Avoiding the Passive Voice
This is actually a subject area that I’ve only really recently fully understood. I used to over-use the passive voice, and this really damaged my fiction. And as I’ve seen a number of other members here over-using the passive voice in their stories, I figured I’d write a short article on it.
So - and this is what I imagine a number of people may be asking - what is the passive voice?
Well, it’s kindda hard to explain… read the Wikipedia article on it and you’ll be left scratching your head. So, instead of trying to describe what the passive voice is, instead I’m just going to explain what it does, why it’s bad, and how to avoid it.
The passive voice takes the emphasise away from the action, causing the reader to feel detached from the story (and often, bored as well). For example, the passive voice could be: Jack began to climb the hill, whereas the active (good) version would be: Jack climbed the hill. It may be hard to tell if there is any significant difference between the two when only comparing a single sentence, but when the passive voice infiltrates an entire story, the effects build up and worsen (and can ruin a perfectly good story).
The following make up the passive voice:
- ‘ing’ verbs. You don’t want too many verbs ending with ‘ing’. Words such as ‘climbing,’ ‘crying,’ ‘begging,’ (etc) are naturally more passive than their ‘ed’ counterparts (‘climbed’, ‘cried’, ‘begged’). ‘He was ambling along,’ is passive, whereas active would be: ‘He ambled along.’
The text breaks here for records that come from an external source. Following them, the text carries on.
(* Let $X$ be a Sturmian word and let $P$ be a palindrome that is maximal in $X$. Then $P$ also has a non-maximal occurrence in $X$ which is a proper factor of a same-centric maximal palindrome: there are positions $i'<i\le j<j'$ with $i'\ge 2$, $i+j=i'+j'$, $X[i..j]=P$, $X[i-1]=X[j+1]$, $X[i'..j']$ a palindrome, and $X[i'-1]\neq X[j'+1]$.
   Context: A Sturmian word is a right-infinite aperiodic word over $\{a,b\}$ with exactly $n+1$ factors of each length $n$. $X[i..j]$ denotes the factor of $X$ from position $i$ to position $j$. A palindrome is a word equal to its reverse. A palindrome $P$ is maximal in $X$ if $lPl'$ is a factor of $X$ for some letters $l\neq l'$. *)

(* Infinite words over {a,b} are modelled as X : nat -> bool
   (a = false, b = true), with positions indexed from 0. *)
From mathcomp Require Import all_boot.
Set Implicit Arguments. Unset Strict Implicit. Unset Printing Implicit Defensive.

Definition word := nat -> bool.

Definition subw (X : word) (i j : nat) : seq bool :=
  [seq X k | k <- iota i (j.+1 - i)].

Definition is_factor (X : word) (w : seq bool) : Prop :=
  exists k, w = [seq X (k + m) | m <- iota 0 (size w)].

Definition complexity_eq (X : word) (n c : nat) : Prop :=
  exists s : seq (seq bool), uniq s /\ size s = c /\
    forall w, w \in s <-> (size w = n /\ is_factor X w).

Definition aperiodic (X : word) : Prop :=
  ~ exists p N, 0 < p /\ forall k, N <= k -> X (k + p) = X k.

Definition sturmian (X : word) : Prop :=
  aperiodic X /\ forall n, complexity_eq X n n.+1.

Definition palindrome (w : seq bool) : Prop := w = rev w.

Definition maximal_pal (X : word) (P : seq bool) : Prop :=
  exists l l' : bool, l != l' /\ is_factor X (l :: rcons P l').

From mathcomp Require Import all_boot zify.
From Stdlib Require Import Classical ClassicalEpsilon.
Set Implicit Arguments. Unset Strict Implicit. Unset Printing Implicit Defensive.

(* A Sturmian word has exactly one right special factor of each length, all its
   factors recur, and (through the balance property) its language is closed under
   reversal.  Hence a maximal palindrome P is right special, some c P c is a factor,
   and P has two distinct occurrences with equal neighbours.  If no such occurrence
   lay strictly inside a maximal palindrome with the same centre, the palindrome
   around each of them would extend back to position 0; reflecting one occurrence
   through the palindromic prefix of the other yields occurrences in arithmetic
   progression, whose palindromic prefixes make the word periodic. *)

Definition asbool (P : Prop) : bool := if excluded_middle_informative P then true else false.

Lemma asboolP (P : Prop) : reflect P (asbool P).
Proof. by rewrite /asbool; case: excluded_middle_informative => h; constructor. Qed.

Lemma count_le1P (T : eqType) (p : pred T) (s : seq T) : uniq s ->
  reflect {in s &, forall a b, p a -> p b -> a = b} (count p s <= 1).
Proof.
move=> us; rewrite -size_filter; apply: (iffP idP) => [le1 a b sa sb pa pb | uniq_p].
  apply: contraTeq le1 => ab; rewrite -ltnNge.
  apply: (@uniq_leq_size _ [:: a; b]); first by rewrite /= inE ab.
  by move=> c; rewrite !inE mem_filter => /orP[] /eqP ->; apply/andP.
case e: (filter p s) => [|a r] //.
have fa : a \in filter p s by rewrite e mem_head.
rewrite -e; apply: (@uniq_leq_size _ _ [:: a]); first exact: filter_uniq.
move=> b; rewrite !mem_filter inE in fa * => /andP[pb sb]; case/andP: fa => pa sa.
by rewrite (uniq_p b a).
Qed.

Definition words (n : nat) : seq (seq bool) := map val (enum {: n.-tuple bool}).

Lemma mem_words n v : (v \in words n) = (size v == n).
Proof.
apply/mapP/eqP => [[t _ ->] | sv]; first exact: size_tuple.
by exists (Tuple (introT eqP sv)); rewrite ?mem_enum.
Qed.

Lemma uniq_words n : uniq (words n).
Proof. by rewrite map_inj_uniq ?enum_uniq //; exact: val_inj. Qed.

Definition eventually_periodic (Y : word) : Prop :=
  exists p N, 0 < p /\ forall k, N <= k -> Y (k + p) = Y k.

Definition factor_at (X : word) (k n : nat) : seq bool := mkseq (fun m => X (k + m)) n.
Arguments factor_at : simpl never.

Section Factors.

Variable X : word.

Lemma size_factor_at k n : size (factor_at X k n) = n.
Proof. exact: size_mkseq. Qed.

Lemma nth_factor_at k n m : m < n -> nth false (factor_at X k n) m = X (k + m).
Proof. exact: nth_mkseq. Qed.

Lemma is_factorP u : is_factor X u <-> exists k, u = factor_at X k (size u).
Proof. by []. Qed.

Lemma factor_at_is_factor k n : is_factor X (factor_at X k n).
Proof. by exists k; rewrite size_factor_at. Qed.

Lemma factor_atP a b n :
  reflect (forall m, m < n -> X (a + m) = X (b + m)) (factor_at X a n == factor_at X b n).
Proof.
apply: (iffP eqP) => [e m lt_mn | h].
  by rewrite -(nth_factor_at a lt_mn) -(nth_factor_at b lt_mn) e.
apply: (@eq_from_nth _ false); rewrite ?size_factor_at // => m lt_mn.
by rewrite !nth_factor_at // h.
Qed.

Lemma factor_atS k n : factor_at X k n.+1 = rcons (factor_at X k n) (X (k + n)).
Proof. by rewrite /factor_at /mkseq -addn1 iotaD map_cat cats1. Qed.

Lemma factor_atSl k n : factor_at X k n.+1 = X k :: factor_at X k.+1 n.
Proof.
apply: (@eq_from_nth _ false) => [|[|m] lt_mn]; first by rewrite size_factor_at /= size_factor_at.
  by rewrite nth_factor_at ?addn0.
rewrite size_factor_at in lt_mn.
by rewrite nth_factor_at // [RHS]/= nth_factor_at // addSnnS.
Qed.
(* Let $V\subset\mathbb{R}^3$ be covered by a conforming oriented tetrahedral mesh $\bigcup_e T_e$, let $p\ge2$, and on each element consider the edge, edge-face, face and cell functions listed below, assembled globally so that edge functions are shared by all elements containing that edge, face functions (including edge-face functions of that face) by the two elements sharing that face, and cell functions are local to each element. Then every finite linear combination of the assembled functions lies in $H(\operatorname{sym}\operatorname{Curl},V)$; equivalently, for every interior interface $\Xi$ between two elements with normal $\mathbf{n}$, the jump of $\operatorname{sym}(\mathbf{P}\operatorname{Anti}(\mathbf{n})^T)$ across $\Xi$ vanishes. The element functions on $T$ are: (i) for each edge $j$ and $\varphi\in\mathcal{E}^p_j(T)$: $\varphi\,\mathbf{d}_1\otimes\mathbf{t}$, $\varphi\,\mathbf{d}_2\otimes\mathbf{t}$; (ii) for each face $k$ with normal $\mathbf{n}$, each edge $j$ of face $k$ and $\varphi\in\mathcal{E}^p_j(T)$: $\varphi\,\mathbf{t}\otimes\mathbf{k}$, $\varphi\,\mathbf{m}\otimes\mathbf{k}$, $\varphi\,\mathbf{n}\otimes\mathbf{k}$, with $\mathbf{t}$ the tangent of edge $j$, $\mathbf{k}$ the edge-face vector of edge $j$ satisfying $\mathbf{n}\times\mathbf{k}\ne0$, $\mathbf{m}=\mathbf{Q}\mathbf{k}$, $\mathbf{Q}=\|\mathbf{n}\|^2\mathbb{1}-\mathbf{n}\otimes\mathbf{n}$; (iii) for each face $k$ and $\varphi\in\mathcal{F}^p_k(T)$, with $j=\min\mathcal{J}_k$ and $\mathbf{t},\mathbf{m}$ as in (ii) for edge $j$: $\varphi\,\mathbf{t}\otimes\mathbf{m}$, $\varphi\,\mathbf{m}\otimes\mathbf{t}$, $\varphi(\mathbf{t}\otimes\mathbf{t}-\mathbf{m}\otimes\mathbf{m})$, $\varphi\,\mathbf{n}\otimes\mathbf{t}$, $\varphi\,\mathbf{n}\otimes\mathbf{m}$; (iv) cell functions $\varphi\mathbb{1}$ with $\varphi\in\bigoplus_{j}\mathcal{E}^{p+1}_j(T)\oplus\bigoplus_k\mathcal{F}^{p+1}_k(T)\oplus\mathcal{C}^{p+1}(T)$, $\varphi\,\mathbf{t}\otimes\mathbf{n}$, $\varphi\,\mathbf{m}\otimes\mathbf{n}$, $\varphi\,\mathbf{n}\otimes\mathbf{n}$ with $\varphi\in\mathcal{F}^p_k(T)$ (vectors as in (iii)), and $\varphi\mathbf{T}$ with $\varphi\in\mathcal{C}^p(T)$, $\mathbf{T}\in\mathfrak{sl}(3)$.
   Context: $H(\operatorname{sym}\operatorname{Curl},V)=\{\mathbf{P}\in[L^2(V)]^{3\times3}:\operatorname{sym}\operatorname{Curl}\mathbf{P}\in[L^2(V)]^{3\times3}\}$, where $\operatorname{Curl}\mathbf{P}=-\mathbf{P}\times\nabla$ is the row-wise curl and $\operatorname{sym}\mathbf{A}=\frac12(\mathbf{A}+\mathbf{A}^T)$; $\operatorname{Anti}(\mathbf{v})$ is the skew matrix with $\operatorname{Anti}(\mathbf{v})\mathbf{w}=\mathbf{v}\times\mathbf{w}$; $\mathfrak{sl}(3)$ is the space of trace-free $3\times3$ matrices, $\mathbb{1}$ the identity. Each element $T=\mathbf{x}(\Omega)$ is the non-degenerate image of the reference tetrahedron $\Omega=\{(\xi,\eta,\zeta)\in[0,1]^3:\xi+\eta+\zeta\le1\}$, $\mathbf{J}=\mathrm{D}\mathbf{x}$, with barycentric coordinates $\lambda_1=1-\xi-\eta-\zeta,\lambda_2=\zeta,\lambda_3=\eta,\lambda_4=\xi$. The mesh is oriented: the local vertex numbering of each element is increasing with respect to a fixed global vertex numbering. Edges $\mathcal{J}=\{(1,2),(1,3),(1,4),(2,3),(2,4),(3,4)\}$, faces $\mathcal{K}=\{(1,2,3),(1,2,4),(1,3,4),(2,3,4)\}$, $\mathcal{J}_k$ the edges of face $k$, $\min\mathcal{J}_k$ the lexicographically smallest. Scalar spaces: an $H^1$-conforming hierarchical polytopal basis of $\mathit{P}^q(T)$ consisting of vertex functions $\lambda_i$, edge spaces $\mathcal{E}^q_j(T)$ (dimension $q-1$, vanishing on other edges), face spaces $\mathcal{F}^q_k(T)$ (dimension $(q-2)(q-1)/2$, vanishing on other faces), cell space $\mathcal{C}^q(T)$ (dimension $(q-3)(q-2)(q-1)/6$, vanishing on $\partial T$), such that shared edge and face functions coincide on interfaces between neighbouring elements. Vectors: tangents $\mathbf{t}=\mathbf{J}\boldsymbol{\tau}$ with $\boldsymbol{\tau}_{12}=\mathbf{e}_3,\boldsymbol{\tau}_{13}=\mathbf{e}_2,\boldsymbol{\tau}_{14}=\mathbf{e}_1,\boldsymbol{\tau}_{23}=\mathbf{e}_2-\mathbf{e}_3,\boldsymbol{\tau}_{24}=\mathbf{e}_1-\mathbf{e}_3,\boldsymbol{\tau}_{34}=\mathbf{e}_1-\mathbf{e}_2$; edge-face vectors $\mathbf{k}=\mathbf{J}^{-T}\boldsymbol{\kappa}$ with reference pairs $(1,2):\{-\mathbf{e}_2,-\mathbf{e}_1\}$, $(1,3):\{\mathbf{e}_3,-\mathbf{e}_1\}$, $(1,4):\{\mathbf{e}_3,\mathbf{e}_2\}$, $(2,3):\{\mathbf{e}_1+\mathbf{e}_2+\mathbf{e}_3,-\mathbf{e}_1\}$, $(2,4):\{\mathbf{e}_1+\mathbf{e}_2+\mathbf{e}_3,\mathbf{e}_2\}$, $(3,4):\{\mathbf{e}_1+\mathbf{e}_2+\mathbf{e}_3,-\mathbf{e}_3\}$; face normals $\mathbf{n}=(\det\mathbf{J})\mathbf{J}^{-T}\boldsymbol{\nu}$ with $\boldsymbol{\nu}_{123}=-\mathbf{e}_1,\boldsymbol{\nu}_{124}=\mathbf{e}_2,\boldsymbol{\nu}_{134}=-\mathbf{e}_3,\boldsymbol{\nu}_{234}=-\mathbf{e}_1-\mathbf{e}_2-\mathbf{e}_3$; for an edge with tangent $\mathbf{t}=(t_1,t_2,t_3)$, $\mathbf{d}_2=(\operatorname{sgn}_*(t_1)|t_3|,\operatorname{sgn}_*(t_2)|t_3|,-\operatorname{sgn}_*(t_3)(|t_1|+|t_2|))^T$ with $\operatorname{sgn}_*(x)=1$ if $x\ge0$, $-1$ otherwise, and $\mathbf{d}_1=\mathbf{d}_2\times\mathbf{t}$. *)

From HB Require Import structures.
From mathcomp Require Import all_boot all_order all_algebra.
Set Implicit Arguments. Unset Strict Implicit. Unset Printing Implicit Defensive.
Import Order.TTheory GRing.Theory Num.Theory.
Local Open Scope ring_scope.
- ‘Starting to’ words. Often you may include unnecessary words before a character does something that detract from the story, rather than adding (such as my Jack example above). Phrases such as: ‘began to,’ ‘started to,’ (etc). You don’t need to say a person began to do X - just say he did X.
- Inactive verbs. ‘Was,’ ‘were,’ ‘are,’ ‘is.’ Don’t say: ‘There were five soldiers standing in front of him,’ but rather: ‘Five soldiers stood in front of him.’ The ‘there were’ is completely unnecessary, detracts from the sentence, and also naturally leads onto ‘ing’ verbs.
- Unnecessary adverbs. These are words that describe a verb, but are completely unnecessary. For example: ‘He walked quickly,’ would be passive (most passive adverbs end with ‘ly’). It would be much better to remove ‘quickly’ and replace ‘walked’ with a stronger verb that conveyed the same meaning, such as: ‘He strode.’ Of course, adding a passive adverb onto an ‘ing’ verb is even worse (‘He was walking quickly’).
‘Ted was walking slowly along down the road, minding his own business, when something happened. People began to appear all around him, coming out of thin air. Confused, he began to spin around, wondering where all the people had come from.’ - Passive voice (bad).
‘Ted ambled down the road, minding his own business. Groups of people appeared around him, out of thin air. Confused, he spun around. Where had they come from?’ - Active voice (good).